The Upanishads (circa 800 – 200 B.C.E.), a part of the Vedas, are ancient Sanskrit texts that contain some of the central philosophical concepts and ideas of Hinduism. Among the most important literature in the history of Indian religions and culture, the Upanishads played an important role in the development of spiritual ideas in ancient India. The concepts of Brahman (ultimate reality) and atman (soul, self) are central ideas in all of the Upanishads.
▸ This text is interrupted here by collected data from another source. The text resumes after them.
Lemma integrable_delta_scal (mu : {finite_measure set (quat R) -> \bar R}) X Y :
  mu.-integrable (unitK k) (EFin \o fun u => delta scal d (scal u X) (scal u Y)).
Proof.
have mU := @measurable_unitK R k.
set B := C1 * d X Y + C2 + C3 + 2 * C0.
apply: (le_integrable mU _ _ (finite_measure_integrable_cst mu B mU)).
  by apply/measurable_EFinP; exact: measurable_delta_scal.
move=> u Uu /=; rewrite lee_fin ger0_norm ?delta_ge0 //.
exact: le_trans (delta_scal_unit_le X Y Uu) (ler_norm _).
Qed.

Lemma cvg_integral_dnat_delta (mu : {finite_measure set (quat R) -> \bar R}) X Y :
  (fun n => \int[mu]_(u in unitK k) (dnat (scal u X) (scal u Y) n / n%:R)%:E)%E @ \oo -->
  (\int[mu]_(u in unitK k) (delta scal d (scal u X) (scal u Y))%:E)%E.
Proof.
set B := C1 * d X Y + C2 + C3 + 2 * C0.
have mU := @measurable_unitK R k.
have dnat_dom : {ae mu, forall u n, unitK k u ->
    `|(dnat (scal u X) (scal u Y) n / n%:R)%:E| <= B%:E}%E.
  apply: aeW => u n Uu; rewrite lee_fin ger0_norm ?divr_ge0 ?d_ge0 //.
  exact: dnat_scal_unit_div_le.
have dnat_cvg : {ae mu, forall u, unitK k u ->
    (fun n => (dnat (scal u X) (scal u Y) n / n%:R)%:E) @ \oo -->
    (delta scal d (scal u X) (scal u Y))%:E}.
  apply: aeW => u _; apply/fine_cvgP; split; first exact: nearW.
  exact: cvg_dnat_delta.
by case: (dominated_convergence mU
  (fun n => (measurable_EFinP _ _).2 (measurable_dnat_scal X Y n))
  ((measurable_EFinP _ _).2 (measurable_delta_scal X Y)) dnat_cvg
  (finite_measure_integrable_cst mu B mU) dnat_dom).
Qed.

Lemma d0_scal_qnat_div (mu : probability (quat R) R) X Y n :
  d0 k scal d mu (scal (qnat R n) X) (scal (qnat R n) Y) / n%:R =
  fine (\int[mu]_(u in unitK k) (dnat (scal u X) (scal u Y) n / n%:R)%:E)%E.
Proof.
rewrite /d0 -(RintegralZr _ (@measurable_unitK R k) (integrable_dist_scal _ _ _)).
congr fine; apply: eq_integral => u; rewrite inE => -[Ku _].
by rewrite dnat_scal.
Qed.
The word Upanishad literally means “sitting down beside.”
Quotes from the Upanishads…
He who has found the bliss of the Eternal has no fear from any quarter.
For in our searchings are found all our desires, and we gain victory over our worlds.
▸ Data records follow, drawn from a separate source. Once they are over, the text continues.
(* Let $X\in\mathbb{R}^{n\times r}$ have linearly independent columns and let $A\in\mathbb{R}^{r\times r}$ be skewsymmetric. Let $Y$ be the random subset of $\{1,\dots,n\}$ with law $$\mathbb{P}(Y=\mathtt{C})=\frac{1}{\det(A+X^\top X)}\det\begin{bmatrix}0_{|\mathtt{C}|}&X_{\mathtt{C}:}\\-(X_{\mathtt{C}:})^\top&A\end{bmatrix}.$$ Then for every $T\subseteq\{1,\dots,n\}$, $$\mathbb{P}(T\subseteq Y)=\det\big(K_{TT}\big),\qquad K=X(A+X^\top X)^{-1}X^\top,$$ where $K_{TT}$ is the principal submatrix of $K$ indexed by $T$.
   Context: $X_{\mathtt{C}:}$ is the submatrix of $X$ with rows indexed by $\mathtt{C}$ in increasing order. $0_m$ is the $m\times m$ zero matrix. For $\mathtt{C}=\emptyset$ the block matrix is $A$. The determinant of the empty matrix is $1$. *)

From mathcomp Require Import all_boot all_order all_algebra.
Set Implicit Arguments. Unset Strict Implicit. Unset Printing Implicit Defensive.
Import Order.TTheory GRing.Theory Num.Theory.
Local Open Scope ring_scope.

(* rowsubC X C = X_{C:}: rows of X indexed by C in increasing order
   (enum C lists the elements of C : {set 'I_n} in increasing order). *)
Definition rowsubC (R : Type) (n r : nat) (X : 'M[R]_(n, r)) (C : {set 'I_n})
  : 'M[R]_(#|C|, r) := \matrix_(i < #|C|, j < r) X (enum_val i) j.

Definition psubmx (R : Type) (n : nat) (K : 'M[R]_n) (T : {set 'I_n})
  : 'M[R]_#|T| := \matrix_(i < #|T|, j < #|T|) K (enum_val i) (enum_val j).

Definition blockC (R : pzRingType) (n r : nat) (X : 'M[R]_(n, r)) (A : 'M[R]_r)
  (C : {set 'I_n}) : 'M[R]_(#|C| + r) :=
  block_mx (0 : 'M[R]_#|C|) (rowsubC X C) (- (rowsubC X C)^T) A.

Definition probY (R : fieldType) (n r : nat) (X : 'M[R]_(n, r)) (A : 'M[R]_r)
  (C : {set 'I_n}) : R :=
  \det (blockC X A C) / \det (A + X^T *m X).

(* Let D be the diagonal 0/1 matrix with D_ii = 1 exactly when i is not in T,
   and B = A + X^T X.  Expanding det [D, X; -X^T, A] along the diagonal of D
   (the principal-minor expansion of det (M + diag d)) kills every index set
   that misses a point of T, and what survives is the sum over C containing T
   of the numerators det [0, X_C:; -X_C:^T, A].  On the other hand, block
   elimination against B, which is invertible since v B v^T = |v X^T|^2 for
   skew A, gives det [D, X; -X^T, A] = det (D + (1 - D) K) det B, and
   D + (1 - D) K is K with its rows outside T replaced by identity rows, whose
   determinant is det K_TT. *)

From mathcomp Require Import all_boot all_order all_algebra perm.
Set Implicit Arguments. Unset Strict Implicit. Unset Printing Implicit Defensive.
Import Order.TTheory GRing.Theory Num.Theory.
Local Open Scope ring_scope.

Lemma det_reindex (R : comNzRingType) p q (h : 'I_q -> 'I_p) (M : 'M[R]_p) :
  injective h -> q = p -> \det (\matrix_(i, j) M (h i) (h j)) = \det M.
Proof.
move=> h_inj eq_qp; subst q; pose s := perm h_inj.
have -> : \matrix_(i, j) M (h i) (h j) = row_perm s (col_perm s M).
  by apply/matrixP => i j; rewrite !mxE !permE.
rewrite row_permE col_permE !det_mulmx !det_perm odd_permV mulrCA.
by rewrite -expr2 sqrr_sign mulr1.
Qed.

Definition row_mask (R : pzRingType) m (M : 'M[R]_m) (S : {set 'I_m}) : 'M[R]_m :=
  \matrix_(i, j) if i \in S then M i j else (i == j)%:R.

Lemma det_row_mask_codom (R : comNzRingType) m q (M : 'M[R]_m) (S : {set 'I_m})
    (h : 'I_q -> 'I_m) :
  injective h -> S =i codom h ->
  \det (row_mask M S) = \det (\matrix_(i, j) M (h i) (h j)).
Proof.
move=> h_inj S_codom.
have hS i : h i \in S by rewrite S_codom codom_f.
have cardS : (q + #|~: S| = m)%N.
  have <- : #|S| = q by rewrite (eq_card S_codom) (card_codom h_inj) card_ord.
  by rewrite cardsC card_ord.
pose g (k : 'I_(q + #|~: S|)) :=
  match split k with inl i => h i | inr c => enum_val c end.
have g_inj : injective g.
  move=> k k'; rewrite /g.
  have h_neq_enum (i : 'I_q) (c : 'I_#|~: S|) : h i != enum_val c.
    by apply: contraTneq (enum_valP c) => <-; rewrite inE hS.
  case: split_ordP => i ->; case: split_ordP => j ->.
  - by move/h_inj ->.
  - by move=> hij; have := h_neq_enum i j; rewrite hij eqxx.
  - by move=> hij; have := h_neq_enum j i; rewrite hij eqxx.
  - by move/enum_val_inj ->.
rewrite -(det_reindex (row_mask M S) g_inj cardS).
have -> : \matrix_(i, j) row_mask M S (g i) (g j) =
    block_mx (\matrix_(i, j) M (h i) (h j)) (\matrix_(i, j) M (h i) (enum_val j))
             0 1%:M.
  apply/matrixP => i j; rewrite mxE [row_mask _ _ _ _]mxE (inj_eq g_inj) /g.
  have notS (c : 'I_#|~: S|) : enum_val c \in S = false.
    by apply/negbTE; have := enum_valP c; rewrite inE.
  case: split_ordP => a ->; case: split_ordP => b ->;
    rewrite ?block_mxEul ?block_mxEur ?block_mxEdl ?block_mxEdr !mxE
      ?(unsplitK (inl _ _), unsplitK (inr _ _)) ?hS ?notS ?eq_rlshift ?eq_rshift //.
by rewrite det_ublock det1 mulr1.
Qed.

Lemma det_row_mask (R : comNzRingType) m (M : 'M[R]_m) (S : {set 'I_m}) :
  \det (row_mask M S) = \det (psubmx M S).
Proof.
apply: det_row_mask_codom; first exact: enum_val_inj.
move=> k; apply/idP/codomP => [kS | [i ->]]; last exact: enum_valP.
by exists (enum_rank_in kS k); rewrite enum_rankK_in.
Qed.

Lemma det_add_diag (R : comNzRingType) m (M : 'M[R]_m) (d : 'rV[R]_m) :
  \det (M + diag_mx d) =
  \sum_(S : {set 'I_m}) (\prod_(i in ~: S) d 0 i) * \det (row_mask M S).
Proof.
(* For a fixed permutation, the rows of [row_mask M S] contribute exactly the
   term where the rows outside S pick the diagonal summand d 0 i. *)
rewrite /determinant.
transitivity (\sum_(s : 'S_m) \sum_(S : {set 'I_m})
    (-1) ^+ s * ((\prod_(i in ~: S) d 0 i) * \prod_i row_mask M S i (s i))).
  apply: eq_bigr => s _; rewrite -big_distrr /=; congr (_ * _).
  under eq_bigr => i _ do rewrite !mxE.
  rewrite bigA_distr; apply: eq_bigr => S _.
  rewrite [\prod_(i in ~: S) _]big_mkcond -big_split; apply: eq_bigr => i _.
  by rewrite !mxE inE; case: (i \in S); rewrite /= ?mul1r ?mulr_natr.
rewrite exchange_big; apply: eq_bigr => S _.
by rewrite big_distrr; apply: eq_bigr => s _; rewrite mulrCA.
Qed.

Definition ext_set n r (C : {set 'I_n}) : {set 'I_(n + r)} :=
  [set k | if split k is inl i then i \in C else true].
Arguments ext_set {n} r C.

Lemma ext_set_lshift n r (C : {set 'I_n}) i :
  (lshift r i \in ext_set r C) = (i \in C).
Proof. by rewrite inE (unsplitK (inl _ _)). Qed.

Lemma ext_set_rshift n r (C : {set 'I_n}) j : rshift n j \in ext_set r C.
Proof. by rewrite inE (unsplitK (inr _ _)). Qed.

Lemma sum_ext_set (V : nmodType) n r (T : {set 'I_n}) (F : {set 'I_(n + r)} -> V) :
  \sum_(S : {set 'I_(n + r)} | ext_set r T \subset S) F S =
  \sum_(C : {set 'I_n} | T \subset C) F (ext_set r C).
Proof.
rewrite (reindex_onto (ext_set r) (fun S => [set i | lshift r i \in S])) /=.
  apply: eq_bigl => C.
  have -> : [set i | lshift r i \in ext_set r C] == C.
    by apply/eqP/setP => i; rewrite inE ext_set_lshift.
  rewrite andbT; apply/subsetP/subsetP => sub i.
    by have := sub (lshift r i); rewrite !ext_set_lshift.
  by case: (split_ordP i) => [a -> | b ->];
    rewrite ?ext_set_lshift ?ext_set_rshift //; apply: sub.
move=> S sub; apply/setP => k.
case: (split_ordP k) => [i -> | j ->]; first by rewrite ext_set_lshift inE.
by rewrite ext_set_rshift (subsetP sub _ (ext_set_rshift _ _)).
Qed.

Lemma det_row_mask_ext_set (R : comNzRingType) n r (X : 'M[R]_(n, r)) (A : 'M[R]_r)
    (C : {set 'I_n}) :
  \det (row_mask (block_mx 0 X (- X^T) A) (ext_set r C)) = \det (blockC X A C).
Proof.
pose h (k : 'I_(#|C| + r)) : 'I_(n + r) :=
  match split k with inl a => lshift r (enum_val a) | inr b => rshift n b end.
rewrite (@det_row_mask_codom _ _ _ _ _ h).
- congr (\det _); apply/matrixP => i j; rewrite /blockC mxE /h.
  by case: split_ordP => a ->; case: split_ordP => b ->;
    rewrite ?(unsplitK (inl _ _), unsplitK (inr _ _))
      ?block_mxEul ?block_mxEur ?block_mxEdl ?block_mxEdr ?mxE.
- move=> k k'; rewrite /h.
  case: split_ordP => a ->; case: split_ordP => b -> /eqP;
    rewrite ?eq_lshift ?eq_rshift ?eq_lrshift ?eq_rlshift // => /eqP; last by move->.
  by move/enum_val_inj ->.
- move=> k; apply/idP/codomP => [| [k' ->]].
    case: (split_ordP k) => [i -> | j ->]; last first.
      by exists (rshift _ j); rewrite /h (unsplitK (inr _ _)).
    rewrite ext_set_lshift => iC.
    by exists (lshift r (enum_rank_in iC i)); rewrite /h (unsplitK (inl _ _)) enum_rankK_in.
  by rewrite /h; case: split_ordP => a _; rewrite ?ext_set_lshift ?enum_valP ?ext_set_rshift.
Qed.

Lemma det_blockC_sum (R : comNzRingType) n r (X : 'M[R]_(n, r)) (A : 'M[R]_r)
    (T : {set 'I_n}) :
  \det (block_mx (diag_mx (\row_i (i \notin T)%:R)) X (- X^T) A) =
  \sum_(C : {set 'I_n} | T \subset C) \det (blockC X A C).
Proof.
pose d : 'rV[R]_(n + r) := row_mx (\row_i (i \notin T)%:R) 0.
have dE k : d 0 k = (k \notin ext_set r T)%:R.
  by case: (split_ordP k) => [i -> | j ->];
    rewrite ?row_mxEl ?row_mxEr !mxE ?ext_set_lshift ?ext_set_rshift.
have -> : block_mx (diag_mx (\row_i (i \notin T)%:R)) X (- X^T) A =
    block_mx 0 X (- X^T) A + diag_mx d.
  by rewrite diag_mx_row raddf0 add_block_mx add0r !addr0.
under [RHS]eq_bigr do rewrite -det_row_mask_ext_set.
rewrite det_add_diag -(sum_ext_set _ (fun S => \det (row_mask _ S))) [RHS]big_mkcond.
apply: eq_bigr => S _.
case: (boolP (ext_set r T \subset S)) => [sub | /subsetPn [k kT kS]].
  rewrite big1 ?mul1r // => k; rewrite inE => kS.
  by rewrite dE (contra (subsetP sub k) kS).
by rewrite (bigD1 k) ?inE //= dE kT !mul0r.
Qed.

Lemma det_block_schur (R : comUnitRingType) n r (D : 'M[R]_n) (X : 'M[R]_(n, r))
    (A : 'M[R]_r) :
  (A + X^T *m X) \in unitmx ->
  \det (block_mx D X (- X^T) A) =
  \det (D + (1%:M - D) *m (X *m invmx (A + X^T *m X) *m X^T)) * \det (A + X^T *m X).
Proof.
set B := A + X^T *m X => B_unit.
set V := (1%:M - D) *m X *m invmx B.
have factor_M : block_mx 1%:M X (- X^T) A =
    block_mx 1%:M 0 (- X^T) 1%:M *m block_mx 1%:M X 0 B.
  by rewrite mulmx_block !mul1mx !mulmx1 !mul0mx !addr0 mulNmx /B addrCA addNr addr0.
have factor_N : block_mx D X (- X^T) A =
    block_mx (D + V *m X^T) V 0 1%:M *m block_mx 1%:M X (- X^T) A.
  rewrite mulmx_block !mul1mx !mulmx1 !mul0mx !add0r mulmxN addrK.
  rewrite mulmxDl -addrA -mulmxA -mulmxDr [X^T *m X + A]addrC mulmxKV //.
  by rewrite mulmxBl mul1mx addrC subrK.
rewrite factor_N factor_M !det_mulmx det_ublock det_lblock det_ublock !det1 !mul1r !mulr1.
by rewrite /V !mulmxA.
Qed.

Lemma row_mask_diag (R : pzRingType) n (K : 'M[R]_n) (S : {set 'I_n}) :
  row_mask K S =
  diag_mx (\row_i (i \notin S)%:R) + (1%:M - diag_mx (\row_i (i \notin S)%:R)) *m K.
Proof.
apply/matrixP => i j; rewrite mulmxBl mul1mx mul_diag_mx !mxE.
by case: (i \in S); rewrite /= ?mul0r ?mul1r ?mul0rn ?subr0 ?add0r ?subrr ?addr0.
Qed.

Lemma skew_quad_form0 (R : numDomainType) m (A : 'M[R]_m) (v : 'rV[R]_m) :
  A^T = - A -> v *m A *m v^T = 0.
Proof.
move=> skewA; set x := v *m A *m v^T.
have xT : x^T = - x by rewrite !trmx_mul trmxK skewA mulNmx mulmxN mulmxA.
have x00 : x 0 0 = - x 0 0.
  by have := congr1 (fun M : 'M[R]_1 => M 0 0) xT; rewrite [x^T _ _]mxE [(- x) _ _]mxE.
have : x 0 0 *+ 2 == 0 by rewrite mulr2n {1}x00 addNr.
by rewrite mulrn_eq0 /= => /eqP x00_0; apply/matrixP => i j; rewrite !ord1 [RHS]mxE.
Qed.

Lemma rV_mul_tr_eq0 (R : realDomainType) m (w : 'rV[R]_m) : w *m w^T = 0 -> w = 0.
Proof.
move=> ww0; apply/rowP => j; rewrite [RHS]mxE.
have := congr1 (fun M : 'M[R]_1 => M 0 0) ww0; rewrite !mxE => sum0.
have sq_ge0 k : true -> 0 <= w 0 k * w^T k 0 by rewrite mxE -expr2 sqr_ge0.
have := @psumr_eq0P _ _ _ _ sq_ge0 sum0 j isT.
by rewrite mxE -expr2 => /eqP; rewrite sqrf_eq0 => /eqP.
Qed.

Lemma unitmx_skew_add_gram (R : realFieldType) n r (X : 'M[R]_(n, r)) (A : 'M[R]_r) :
  \rank X = r -> A^T = - A -> (A + X^T *m X) \in unitmx.
Proof.
move=> rkX skewA; rewrite unitmxE unitfE; apply/negP => /det0P [v v_neq0 vB0].
have vXT0 : (v *m X^T) *m (v *m X^T)^T = 0.
  have := congr1 (mulmx^~ v^T) vB0.
  rewrite /= mul0mx mulmxDr mulmxDl skew_quad_form0 // add0r => <-.
  by rewrite trmx_mul trmxK !mulmxA.
have XT_free : row_free X^T by rewrite /row_free mxrank_tr rkX.
have : v *m X^T = 0 *m X^T by rewrite mul0mx (rV_mul_tr_eq0 vXT0).
by move/(row_free_inj XT_free)/eqP; rewrite (negbTE v_neq0).
Qed.

Theorem mainTheorem7 (R : realFieldType) (n r : nat)
  (X : 'M[R]_(n, r)) (A : 'M[R]_r)
  (hX : \rank X = r) (hA : A^T = - A) (T : {set 'I_n}) :
  \sum_(C : {set 'I_n} | T \subset C) probY X A C
  = \det (psubmx (X *m invmx (A + X^T *m X) *m X^T) T).
Proof.
have B_unit := unitmx_skew_add_gram hX hA.
have detB_neq0 : \det (A + X^T *m X) != 0 by rewrite -unitfE -unitmxE.
have := det_block_schur (diag_mx (\row_i (i \notin T)%:R)) B_unit.
rewrite det_blockC_sum -row_mask_diag det_row_mask => sum_eq.
by rewrite /probY -mulr_suml sum_eq mulfK.
Qed.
He who knows the Bliss of Brahman does not distress himself with the thought, “Why did I not do what is good? Why did I do what is evil?” Whoever knows this bliss regards both of these as Atman (self, soul), indeed he cherishes both as Atman.
That thou art.
Whoever sees all beings in the soul and the soul in all beings…
What delusion or sorrow is there for one who sees unity?
It has filled all. It is radiant, incorporeal, invulnerable…
Wise, intelligent, encompassing, self-existent,
It organizes objects throughout eternity.
Then he realized, I indeed, I am this creation, for I have poured it forth from myself. In that way he became this creation. Verily, he who knows this becomes in this creation a creator.
Of a certainty, the man who can see all creatures in himself, himself in all creatures, knows no sorrow.
I am this world and I eat this world. Who knows this, knows.